Multiple linear regression Flashcards
What is Multiple Linear Regression (MLR)?
MLR models the relationship between one dependent variable (y) and multiple independent variables (x1, x2, …, xn)
The equation for a multiple regression model is not provided in the text.
What is the difference between Simple Linear Regression and Multiple Linear Regression?
Simple Linear Regression involves one dependent variable (y) and one independent variable (x), while MLR involves one dependent variable and multiple independent variables
Simple Linear Regression is a foundational concept for understanding MLR.
What is confounding in the context of regression analysis?
Confounding occurs when the relationship between an explanatory variable and an outcome is distorted by another variable
Example: Free time influences both exercise and weight.
How can confounding affect the interpretation of regression results?
Confounding can lead to attributing the entire observed relationship to causation when it’s actually influenced by another variable
Example: Increased free time leads to more exercise and reduced weight, which can falsely suggest exercise alone causes weight loss.
What are the steps to identify confounding in regression models?
- Check if the confounder is associated with both the independent and dependent variables. 2. Use regression models to quantify these associations
Example: Analyzing the relationship between poverty, crime rate, and percentage of single parents.
What is the significance of sample size in multiple regression models?
A sufficient sample size is crucial; typically, at least 10 observations per variable are recommended
This helps eliminate bias and improve causal inference.
What does the Coefficient of Determination (R²) represent in multiple regression?
R² indicates the proportion of variance in the dependent variable that can be explained by the independent variables
A higher R² value suggests a better fit of the model.
What is the first assumption of Multiple Regression?
Linearity: The relationship between the dependent variable and each continuous independent variable must be linear.
What is the second assumption of Multiple Regression?
Normal Distribution of Residuals: The residuals should be normally distributed.
What is the third assumption of Multiple Regression?
Homoscedasticity: Residuals should have constant variance across all predicted values.
What is the fourth assumption of Multiple Regression?

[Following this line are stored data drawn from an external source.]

From HB Require Import structures.
From mathcomp Require Import all_boot all_order all_algebra.
From mathcomp Require Import all_classical all_reals.
From mathcomp Require Import ereal sequences exp.
From mathcomp Require Import ring lra.
Import Order.TTheory GRing.Theory Num.Theory.
Local Open Scope classical_set_scope.
Local Open Scope ring_scope.

(* Writing rho = dU * delta and
     w s = (1 - gamma) p0 s + gamma * sum_(s',a) rho (s',a) T (s | s',a),
   both objectives telescope into  sum_s w s * V s - sum rho Q  (plus the
   constant c), with V = V_Q^pi resp. V_Q.  At each state V_Q^pi is the
   KL-regularised value  sum_a p a (q a - beta ln (p a / m a)):  affine in q,
   concave in p by convexity of x ln x, and by the Gibbs variational principle
   bounded by the soft value  beta ln sum_a m a exp (q a / beta),  with equality
   at the Gibbs distribution; the soft value is thus convex as a supremum of
   affine functions.  For the minimax equality: if the flow constraint
   sum_a rho (s,a) = w s holds everywhere, the policy pi = rho / w makes
   L(Q, pi) independent of Q, and Q_th = beta ln (pi / mu + th) brings
   L(Q) + c down to that value as th -> 0; otherwise L(Q) is unbounded below
   along Q = k * 1_{s}. *)

(* The left-hand side is the tangent line of x |-> x ln (x / m) at y. *)
Lemma xlnx_ge_tangent {R : realType} {x y m : R} : 0 <= x -> 0 < y -> 0 < m ->
  x * ln (y / m) + x - y <= x * ln (x / m).
Proof.
move=> x_ge0 y_gt0 m_gt0.
have [->|x_neq0] := eqVneq x 0; first by rewrite !mul0r add0r sub0r oppr_le0 ltW.
have x_gt0 : 0 < x by rewrite lt_neqAle eq_sym x_neq0.
have yx_gt0 : 0 < y / x by rewrite divr_gt0.
have ln_yx : ln (y / x) <= y / x - 1.
  by have := @le_ln1Dx R (y / x - 1); rewrite subrKC; apply; lra.
have -> : ln (y / m) = ln (y / x) + ln (x / m).
  by rewrite -lnM ?posrE ?divr_gt0 // mulrA divfK // gt_eqF.
have := ler_wpM2l x_ge0 ln_yx.
rewrite mulrBr mulr1 mulrCA divff ?mulr1 ?gt_eqF //; lra.
Qed.

Lemma xlnx_convex {R : realType} {x1 x2 m t : R} :
  0 <= x1 -> 0 <= x2 -> 0 < m -> 0 <= t <= 1 ->
  (t * x1 + (1 - t) * x2) * ln ((t * x1 + (1 - t) * x2) / m)
  <= t * (x1 * ln (x1 / m)) + (1 - t) * (x2 * ln (x2 / m)).
Proof.
move=> x1_ge0 x2_ge0 m_gt0 /andP[t_ge0 t_le1].
set x := t * x1 + (1 - t) * x2.
have t'_ge0 : 0 <= 1 - t by rewrite subr_ge0.
have [x_eq0|x_neq0] := eqVneq x 0.
  have tx1 : t * x1 = 0 by move: x_eq0; rewrite /x; nra.
  have tx2 : (1 - t) * x2 = 0 by move: x_eq0; rewrite /x; nra.
  by rewrite x_eq0 mul0r !mulrA tx1 tx2 !mul0r addr0.
have x_gt0 : 0 < x by rewrite lt_neqAle eq_sym x_neq0 addr_ge0 ?mulr_ge0.
have := ler_wpM2l t_ge0 (xlnx_ge_tangent x1_ge0 x_gt0 m_gt0).
have := ler_wpM2l t'_ge0 (xlnx_ge_tangent x2_ge0 x_gt0 m_gt0).
rewrite /x; nra.
Qed.

Lemma sumr_mix {R : comPzRingType} (I : finType) (w x y : I -> R) (t : R) :
  \sum_(i : I) w i * (t * x i + (1 - t) * y i)
  = t * \sum_(i : I) w i * x i + (1 - t) * \sum_(i : I) w i * y i.
Proof. by rewrite !mulr_sumr -big_split; apply: eq_bigr => i _ /=; ring. Qed.

Section Gibbs.
Context {R : realType} {A : finType}.
Variables (b : R) (m : A -> R).

(* [VQpi beta mu Q pi s] is [reg_value beta (mu s) (pi s) (Q s)] and
   [VQ beta mu Q s] is [soft_value beta (mu s) (Q s)]. *)
Definition reg_value (p q : A -> R) : R :=
  \sum_(a : A) p a * (q a - b * ln (p a / m a)).

Definition partition_fn (q : A -> R) : R := \sum_(a : A) m a * expR (q a / b).

Definition soft_value (q : A -> R) : R := b * ln (partition_fn q).

Definition gibbs (q : A -> R) (a : A) : R := m a * expR (q a / b) / partition_fn q.

Lemma reg_value_mixr (p q1 q2 : A -> R) (t : R) :
  reg_value p (fun a => t * q1 a + (1 - t) * q2 a)
  = t * reg_value p q1 + (1 - t) * reg_value p q2.
Proof. by rewrite !mulr_sumr -big_split; apply: eq_bigr => a _ /=; ring. Qed.

Hypothesis b_gt0 : 0 < b.
Hypothesis m_gt0 : forall a, 0 < m a.

Lemma reg_value_concave (p1 p2 q : A -> R) (t : R) :
  (forall a, 0 <= p1 a) -> (forall a, 0 <= p2 a) -> 0 <= t <= 1 ->
  t * reg_value p1 q + (1 - t) * reg_value p2 q
  <= reg_value (fun a => t * p1 a + (1 - t) * p2 a) q.
Proof.
move=> p1_ge0 p2_ge0 t01.
rewrite !mulr_sumr -big_split; apply: ler_sum => a _ /=.
have := ler_wpM2l (ltW b_gt0) (xlnx_convex (p1_ge0 a) (p2_ge0 a) (m_gt0 a) t01).
lra.
Qed.

Hypothesis m_sum1 : \sum_(a : A) m a = 1.

Lemma partition_fn_gt0 (q : A -> R) : 0 < partition_fn q.
Proof.
have [a0 _ | A_empty] := pickP (fun _ : A => true).
  rewrite /partition_fn (bigD1 a0) //= ltr_pwDl ?mulr_gt0 ?expR_gt0 //.
  by apply: sumr_ge0 => a _; rewrite mulr_ge0 ?expR_ge0 ?ltW.
by move: m_sum1; rewrite big_pred0 // => /eqP; rewrite eq_sym oner_eq0.
Qed.

Lemma gibbs_gt0 (q : A -> R) (a : A) : 0 < gibbs q a.
Proof. by rewrite divr_gt0 ?mulr_gt0 ?expR_gt0 ?partition_fn_gt0. Qed.

Lemma gibbs_dist (q : A -> R) : is_dist (gibbs q).
Proof.
split=> [a|]; first exact/ltW/gibbs_gt0.
by rewrite -mulr_suml divff // gt_eqF ?partition_fn_gt0.
Qed.

Lemma ln_gibbs (q : A -> R) (a : A) :
  ln (gibbs q a / m a) = q a / b - ln (partition_fn q).
Proof.
have -> : gibbs q a / m a = expR (q a / b) / partition_fn q.
  by rewrite /gibbs; field; rewrite !gt_eqF ?partition_fn_gt0.
by rewrite ln_div ?posrE ?expR_gt0 ?partition_fn_gt0 // expRK.
Qed.

Lemma reg_value_gibbs (q : A -> R) : reg_value (gibbs q) q = soft_value q.
Proof.
have cancel_q a : q a - b * (q a / b - ln (partition_fn q)) = b * ln (partition_fn q).
  by field; rewrite gt_eqF.
rewrite /reg_value; under eq_bigr => a _ do rewrite ln_gibbs cancel_q.
by rewrite -mulr_suml (gibbs_dist q).2 mul1r.
Qed.

(* Gibbs variational principle: summing the tangent bound at gibbs q gives
   KL(p || gibbs q) >= 0. *)
Lemma reg_value_le_soft (p q : A -> R) : is_dist p -> reg_value p q <= soft_value q.
Proof.
move=> [p_ge0 p_sum1]; set L := ln (partition_fn q).
have pointwise a : p a * (q a - b * ln (p a / m a)) <= b * (p a * L + gibbs q a - p a).
  have := xlnx_ge_tangent (p_ge0 a) (gibbs_gt0 q a) (m_gt0 a).
  rewrite ln_gibbs -/L => /(ler_wpM2l (ltW b_gt0)).
  have -> : b * (p a * (q a / b - L) + p a - gibbs q a)
            = p a * q a - b * (p a * L + gibbs q a - p a) by field; rewrite gt_eqF.
  lra.
apply: le_trans (ler_sum _ (fun a _ => pointwise a)) _.
rewrite -mulr_sumr !sumrB big_split /= -mulr_suml p_sum1 (gibbs_dist q).2.
by rewrite mul1r addrK.
Qed.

Independence of Observations: Each observation in the dataset must be independent of others.
How can you check for homoscedasticity in regression analysis?
By plotting standardized residuals against standardized predicted values and looking for a random scatter with no discernible pattern.
What is the implication of finding heteroscedasticity in a regression model?
It indicates that the variance of residuals is not constant, which violates the assumption of homoscedasticity
Remedies include transforming the dependent variable or using robust standard errors.
In the context of regression, what does a P-P plot indicate?
A P-P plot helps assess the normality of residuals by showing how closely the points align with the diagonal
Points closely aligned with the diagonal support the assumption of normality.
What is a practical implication of violations in regression assumptions?
Violations can lead to inaccurate conclusions and necessitate adjustments in the model.